*TRY IT:* If a line of the listing contains the string "forall", return that line.

**** INPUT DATA

(* Real power x^y for x >= 0, with the conventions 0^0 = 1 and 0^y = 0 for y <> 0
   (Stdlib's Rpower is only meaningful for positive base). *)
Definition rpow (x y : R) : R :=
  if Req_EM_T x 0 then (if Req_EM_T y 0 then 1 else 0) else Rpower x y.

Definition Amean (x y : R) : R := (x + y) / 2.

Definition Lnn (n : nat) (a b : R) : R :=
  (b ^ (n + 1) - a ^ (n + 1)) / ((INR n + 1) * (b - a)).

Definition beta_integrand (x y : R) (t : R) : R :=
  rpow t (x - 1) * rpow (1 - t) (y - 1).

Definition is_beta (x y B : R) : Prop :=
  exists pr : Riemann_integrable (beta_integrand x y) 0 1, RiemannInt pr = B.

From Stdlib Require Import Reals Lra Lia.
From Coquelicot Require Import Coquelicot.
Open Scope R_scope.

(* Write n = m + 2 and M = max(|a|,|b|).  The proof compares the right-hand side
   with the classical trapezoid-rule error bound and shows that the latter is
   sharper:

   1. Trapezoid bound.  The trapezoid error of x^n on [a,x],
        G(x) = (a^n + x^n)/2 (x-a) - (x^(n+1) - a^(n+1))/(n+1),
      satisfies G(a) = G'(a) = 0 and |G''(x)| <= n(n-1) M^(n-2) (x-a)/2; two
      applications of a comparison principle for derivatives give
        |A(a^n,b^n) - L_n^n(a,b)| <= n(n-1)(b-a)^2/12 * M^(n-2).
   2. Constant bound.  With K = (2q-p-1)/(q-1) > 0, a pointwise Young
      inequality t(1-t) <= (s/p) t^(K-1) + t^p (1-t)^q / (q s^(q-1)), integrated
      over [eps,1] with eps -> 0 and optimized at s = K/6, gives
      beta(p+1,q+1) >= (K/6)^(q-1)/6, i.e. K^(-(q-1)/q) beta(p+1,q+1)^(1/q) >= 1/6.
   3. Bookkeeping with real powers: max(|a|^((n-2)q),|b|^((n-2)q))^(1/q) = M^(n-2). *)

Lemma le_of_deriv_nonneg (H H' : R -> R) a x : a <= x ->
  (forall c, a <= c <= x -> derivable_pt_lim H c (H' c)) ->
  (forall c, a <= c <= x -> 0 <= H' c) -> H a <= H x.
Proof.
intros [hx|<-] hd hpos; [|lra].
destruct (MVT_cor2 H H' a x hx hd) as [c [e hc]].
assert (0 <= H' c * (x - a)) by (apply Rmult_le_pos; [apply hpos; lra | lra]).
lra.
Qed.

Lemma abs_le_of_deriv_abs_le (F F' P P' : R -> R) a b :
  F a = 0 -> P a = 0 ->
  (forall x, derivable_pt_lim F x (F' x)) -> (forall x, derivable_pt_lim P x (P' x)) ->
  (forall x, a <= x <= b -> Rabs (F' x) <= P' x) ->
  forall x, a <= x <= b -> Rabs (F x) <= P x.
Proof.
intros F0 P0 dF dP hb x hx.
assert (signed : forall s, s = 1 \/ s = -1 -> s * F x <= P x).
{ intros s hs.
  assert (P a - s * F a <= P x - s * F x).
  { apply (le_of_deriv_nonneg (fun y => P y - s * F y) (fun y => P' y - s * F' y)); [lra| |].
    - intros c _. exact (derivable_pt_lim_minus _ _ _ _ _ (dP c)
                           (derivable_pt_lim_scal _ s _ _ (dF c))).
    - intros c hc. specialize (hb c ltac:(lra)). revert hb. unfold Rabs.
      destruct (Rcase_abs (F' c)); destruct hs; subst; intros; nra. }
  rewrite F0, P0 in H. lra. }
pose proof (signed 1 (or_introl eq_refl)). pose proof (signed (-1) (or_intror eq_refl)).
unfold Rabs; destruct (Rcase_abs (F x)); lra.
Qed.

********

*SOLUTION:*
  (forall c, a <= c <= x -> derivable_pt_lim H c (H' c)) ->
  (forall c, a <= c <= x -> 0 <= H' c) -> H a <= H x.
  (forall x, derivable_pt_lim F x (F' x)) -> (forall x, derivable_pt_lim P x (P' x)) ->
  (forall x, a <= x <= b -> Rabs (F' x) <= P' x) ->
  forall x, a <= x <= b -> Rabs (F x) <= P x.
assert (signed : forall s, s = 1 \/ s = -1 -> s * F x <= P x).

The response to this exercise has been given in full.